A guest review by Benjamin Mitra-Kahn, Chief Economist, IP Australia

There is a lot of press about the coming – or going – of artificial intelligence, and in Made By Humans: The AI Condition  Ellen Broad has written a short but comprehensive account of the state-of-play which deserves to be read by anyone wanting to know what is happening in AI today, certainly if you want to get in on the conversation.

The book is very contemporary, and if you haven’t had the time to attend every conference and workshop on AI since 2015, then you’re in luck. Broad has been to them all, and this book will catch you up on all the developments. The book also offers a series of insights into the challenges that AI and big data present – because it is about both – and the questions we should ask ourselves. These are not the humdrum questions such as who a self-driving car should choose to crash into (although a randomized element is suggested), but some bigger and much more interesting questions about whether we need to be able to inspect the algorithm that made the decision. Does the algorithm need to be open source or does it need to be exposed to expert review to ensure best practice, and should the data that trained the algorithm be openly accessible or available for peer-review. Using every example about data and AI from the last three years, Broad steps through the issues under the hood that are only now being thought about.

This naturally brings up the question of government regulation. This is something Broad has changed her mind about, which she discusses openly in a book that moves between a technology story, personal discovery and ethical discussions. There is a role for regulation says Broad, and the fact that we don’t yet know what that regulation could be, or should be, is handled with some elegance.

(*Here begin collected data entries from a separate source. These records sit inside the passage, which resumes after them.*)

Lemma indep_comm s t : I s t -> mul s t = mul t s.
Proof. destruct Hgs as (_ & _ & _ & _ & Hc). apply Hc. Qed.

(* A glide is never independent of itself, since s^-1 s = 1. *)
Lemma indep_irrefl s : ~ I s s.
Proof.
  intro H. destruct Hgs as (_ & _ & _ & _ & Hc).
  apply (proj2 (Hc _ _ (indep_inv_l _ _ H))). apply mulVg.
Qed.

Lemma indep_up_to_inv a b s t :
  I a b -> (a = s \/ a = inv s) -> (b = t \/ b = inv t) -> I s t.
Proof.
  intros H Ha Hb.
  assert (Hs : I s b).
  { destruct Ha as [-> | ->]; [exact H|]. rewrite <- (invgK s). apply indep_inv_l, H. }
  apply indep_sym. destruct Hb as [-> | ->]; [apply indep_sym, Hs|].
  rewrite <- (invgK t). apply indep_inv_l, indep_sym, Hs.
Qed.

Lemma letter_glide A B :
  fst (letter o A B) = mul B (inv A) \/ fst (letter o A B) = inv (mul B (inv A)).
Proof. unfold letter. destruct (o A B); simpl; [left | right; rewrite invg_div]; reflexivity. Qed.

Lemma indep_comm_at X s t : I s t -> mul t (mul s X) = mul s (mul t X).
Proof. intro H. rewrite !mulA, (indep_comm _ _ H). reflexivity. Qed.

Lemma square_in_sym X s t : square_in I D X s t -> square_in I D X t s.
Proof.
  intros (Hst & Hne & DX & DsX & DtX & DstX).
  rewrite <- (indep_comm_at X s t Hst) in DstX.
  repeat split; auto using indep_sym.
Qed.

Technology is not a nirvana , computer code sometimes held together with “peanut butter and goblins” and written by people who are busy, under-funded or just average. Simply aiming to ‘regulate AI’ however is akin to wanting to regulate medicine: It is complex, dependent on who you impact, their ability to engage, and the risks as well as the situation. It is a human-to-human decision ultimately. Not perhaps the argument one expects in a book on AI by the ex-director of policy for the Open Data Institute and previous head of the Australian Digital Alliance. But it is about humans, and the AI condition is about humanity – about fairness, intelligibility, openness and diversity according to Broad.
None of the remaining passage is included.